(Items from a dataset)
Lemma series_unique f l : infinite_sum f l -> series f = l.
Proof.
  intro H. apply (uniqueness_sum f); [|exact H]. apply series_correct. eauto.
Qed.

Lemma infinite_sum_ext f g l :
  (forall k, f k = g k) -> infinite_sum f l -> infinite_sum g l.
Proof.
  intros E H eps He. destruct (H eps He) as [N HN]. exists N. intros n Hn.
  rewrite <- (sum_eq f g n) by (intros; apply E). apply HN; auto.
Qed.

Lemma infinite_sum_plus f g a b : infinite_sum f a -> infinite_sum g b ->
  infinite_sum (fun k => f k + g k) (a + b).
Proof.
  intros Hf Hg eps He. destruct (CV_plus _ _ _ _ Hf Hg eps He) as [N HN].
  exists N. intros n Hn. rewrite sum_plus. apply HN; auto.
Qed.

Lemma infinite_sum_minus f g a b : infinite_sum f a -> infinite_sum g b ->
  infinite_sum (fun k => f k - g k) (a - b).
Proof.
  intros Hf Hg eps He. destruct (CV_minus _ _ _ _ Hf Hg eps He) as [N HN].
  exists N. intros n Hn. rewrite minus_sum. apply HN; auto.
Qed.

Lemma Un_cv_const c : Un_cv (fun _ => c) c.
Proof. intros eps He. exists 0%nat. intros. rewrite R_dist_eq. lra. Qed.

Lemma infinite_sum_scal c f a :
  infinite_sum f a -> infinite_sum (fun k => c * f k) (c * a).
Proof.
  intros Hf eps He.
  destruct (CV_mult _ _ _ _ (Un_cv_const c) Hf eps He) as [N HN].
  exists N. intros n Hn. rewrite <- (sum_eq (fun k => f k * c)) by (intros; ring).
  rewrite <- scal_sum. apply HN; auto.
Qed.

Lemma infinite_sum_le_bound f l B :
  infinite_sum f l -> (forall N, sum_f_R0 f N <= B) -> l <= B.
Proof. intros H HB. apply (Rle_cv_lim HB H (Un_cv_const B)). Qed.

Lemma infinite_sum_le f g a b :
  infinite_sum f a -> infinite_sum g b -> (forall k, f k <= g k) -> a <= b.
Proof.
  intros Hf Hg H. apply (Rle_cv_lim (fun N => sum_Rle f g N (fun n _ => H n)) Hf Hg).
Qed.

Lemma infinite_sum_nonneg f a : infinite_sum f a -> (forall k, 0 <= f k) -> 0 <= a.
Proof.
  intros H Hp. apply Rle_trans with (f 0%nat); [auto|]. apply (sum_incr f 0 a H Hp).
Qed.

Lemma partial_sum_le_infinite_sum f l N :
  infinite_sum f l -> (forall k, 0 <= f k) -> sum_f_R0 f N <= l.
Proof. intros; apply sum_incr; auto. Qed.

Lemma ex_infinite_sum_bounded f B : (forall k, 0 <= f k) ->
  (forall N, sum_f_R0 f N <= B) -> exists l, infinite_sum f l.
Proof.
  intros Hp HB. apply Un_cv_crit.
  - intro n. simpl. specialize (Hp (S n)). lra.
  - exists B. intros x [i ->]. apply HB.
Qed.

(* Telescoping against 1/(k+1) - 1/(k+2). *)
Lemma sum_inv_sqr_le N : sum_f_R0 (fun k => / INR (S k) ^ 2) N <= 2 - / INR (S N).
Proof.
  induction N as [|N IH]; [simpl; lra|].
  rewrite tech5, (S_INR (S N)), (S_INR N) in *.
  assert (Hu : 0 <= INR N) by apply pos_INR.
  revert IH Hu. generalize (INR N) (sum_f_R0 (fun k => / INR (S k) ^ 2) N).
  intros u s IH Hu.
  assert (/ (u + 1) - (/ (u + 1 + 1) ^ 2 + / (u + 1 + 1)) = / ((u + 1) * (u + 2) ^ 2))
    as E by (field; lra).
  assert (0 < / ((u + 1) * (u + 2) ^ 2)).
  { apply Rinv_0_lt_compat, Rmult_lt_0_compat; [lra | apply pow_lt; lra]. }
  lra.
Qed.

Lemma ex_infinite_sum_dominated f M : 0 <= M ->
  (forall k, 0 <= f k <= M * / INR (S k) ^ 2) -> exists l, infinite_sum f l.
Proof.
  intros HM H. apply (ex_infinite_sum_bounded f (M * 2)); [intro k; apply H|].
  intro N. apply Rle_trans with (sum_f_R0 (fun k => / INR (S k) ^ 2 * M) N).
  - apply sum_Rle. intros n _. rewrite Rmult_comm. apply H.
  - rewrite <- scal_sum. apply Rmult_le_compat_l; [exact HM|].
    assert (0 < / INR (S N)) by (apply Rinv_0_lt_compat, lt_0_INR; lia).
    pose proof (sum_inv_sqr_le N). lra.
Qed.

ASSIGNMENT
The records above should be transcribed in full, with no differences.

OUTPUT BELOW
Lemma series_unique f l : infinite_sum f l -> series f = l.
Proof.
  intro H. apply (uniqueness_sum f); [|exact H]. apply series_correct. eauto.
Qed.

Lemma infinite_sum_ext f g l :
  (forall k, f k = g k) -> infinite_sum f l -> infinite_sum g l.
Proof.
  intros E H eps He. destruct (H eps He) as [N HN]. exists N. intros n Hn.
  rewrite <- (sum_eq f g n) by (intros; apply E). apply HN; auto.
Qed.

Lemma infinite_sum_plus f g a b : infinite_sum f a -> infinite_sum g b ->
  infinite_sum (fun k => f k + g k) (a + b).
Proof.
  intros Hf Hg eps He. destruct (CV_plus _ _ _ _ Hf Hg eps He) as [N HN].
  exists N. intros n Hn. rewrite sum_plus. apply HN; auto.
Qed.

Lemma infinite_sum_minus f g a b : infinite_sum f a -> infinite_sum g b ->
  infinite_sum (fun k => f k - g k) (a - b).
Proof.
  intros Hf Hg eps He. destruct (CV_minus _ _ _ _ Hf Hg eps He) as [N HN].
  exists N. intros n Hn. rewrite minus_sum. apply HN; auto.
Qed.

Lemma Un_cv_const c : Un_cv (fun _ => c) c.
Proof. intros eps He. exists 0%nat. intros. rewrite R_dist_eq. lra. Qed.

Lemma infinite_sum_scal c f a :
  infinite_sum f a -> infinite_sum (fun k => c * f k) (c * a).
Proof.
  intros Hf eps He.
  destruct (CV_mult _ _ _ _ (Un_cv_const c) Hf eps He) as [N HN].
  exists N. intros n Hn. rewrite <- (sum_eq (fun k => f k * c)) by (intros; ring).
  rewrite <- scal_sum. apply HN; auto.
Qed.

Lemma infinite_sum_le_bound f l B :
  infinite_sum f l -> (forall N, sum_f_R0 f N <= B) -> l <= B.
Proof. intros H HB. apply (Rle_cv_lim HB H (Un_cv_const B)). Qed.

Lemma infinite_sum_le f g a b :
  infinite_sum f a -> infinite_sum g b -> (forall k, f k <= g k) -> a <= b.
Proof.
  intros Hf Hg H. apply (Rle_cv_lim (fun N => sum_Rle f g N (fun n _ => H n)) Hf Hg).
Qed.

Lemma infinite_sum_nonneg f a : infinite_sum f a -> (forall k, 0 <= f k) -> 0 <= a.
Proof.
  intros H Hp. apply Rle_trans with (f 0%nat); [auto|]. apply (sum_incr f 0 a H Hp).
Qed.

Lemma partial_sum_le_infinite_sum f l N :
  infinite_sum f l -> (forall k, 0 <= f k) -> sum_f_R0 f N <= l.
Proof. intros; apply sum_incr; auto. Qed.

Lemma ex_infinite_sum_bounded f B : (forall k, 0 <= f k) ->
  (forall N, sum_f_R0 f N <= B) -> exists l, infinite_sum f l.
Proof.
  intros Hp HB. apply Un_cv_crit.
  - intro n. simpl. specialize (Hp (S n)). lra.
  - exists B. intros x [i ->]. apply HB.
Qed.

(* Telescoping against 1/(k+1) - 1/(k+2). *)
Lemma sum_inv_sqr_le N : sum_f_R0 (fun k => / INR (S k) ^ 2) N <= 2 - / INR (S N).
Proof.
  induction N as [|N IH]; [simpl; lra|].
  rewrite tech5, (S_INR (S N)), (S_INR N) in *.
  assert (Hu : 0 <= INR N) by apply pos_INR.
  revert IH Hu. generalize (INR N) (sum_f_R0 (fun k => / INR (S k) ^ 2) N).
  intros u s IH Hu.
  assert (/ (u + 1) - (/ (u + 1 + 1) ^ 2 + / (u + 1 + 1)) = / ((u + 1) * (u + 2) ^ 2))
    as E by (field; lra).
  assert (0 < / ((u + 1) * (u + 2) ^ 2)).
  { apply Rinv_0_lt_compat, Rmult_lt_0_compat; [lra | apply pow_lt; lra]. }
  lra.
Qed.

Lemma ex_infinite_sum_dominated f M : 0 <= M ->
  (forall k, 0 <= f k <= M * / INR (S k) ^ 2) -> exists l, infinite_sum f l.
Proof.
  intros HM H. apply (ex_infinite_sum_bounded f (M * 2)); [intro k; apply H|].
  intro N. apply Rle_trans with (sum_f_R0 (fun k => / INR (S k) ^ 2 * M) N).
  - apply sum_Rle. intros n _. rewrite Rmult_comm. apply H.
  - rewrite <- scal_sum. apply Rmult_le_compat_l; [exact HM|].
    assert (0 < / INR (S N)) by (apply Rinv_0_lt_compat, lt_0_INR; lia).
    pose proof (sum_inv_sqr_le N). lra.
Qed.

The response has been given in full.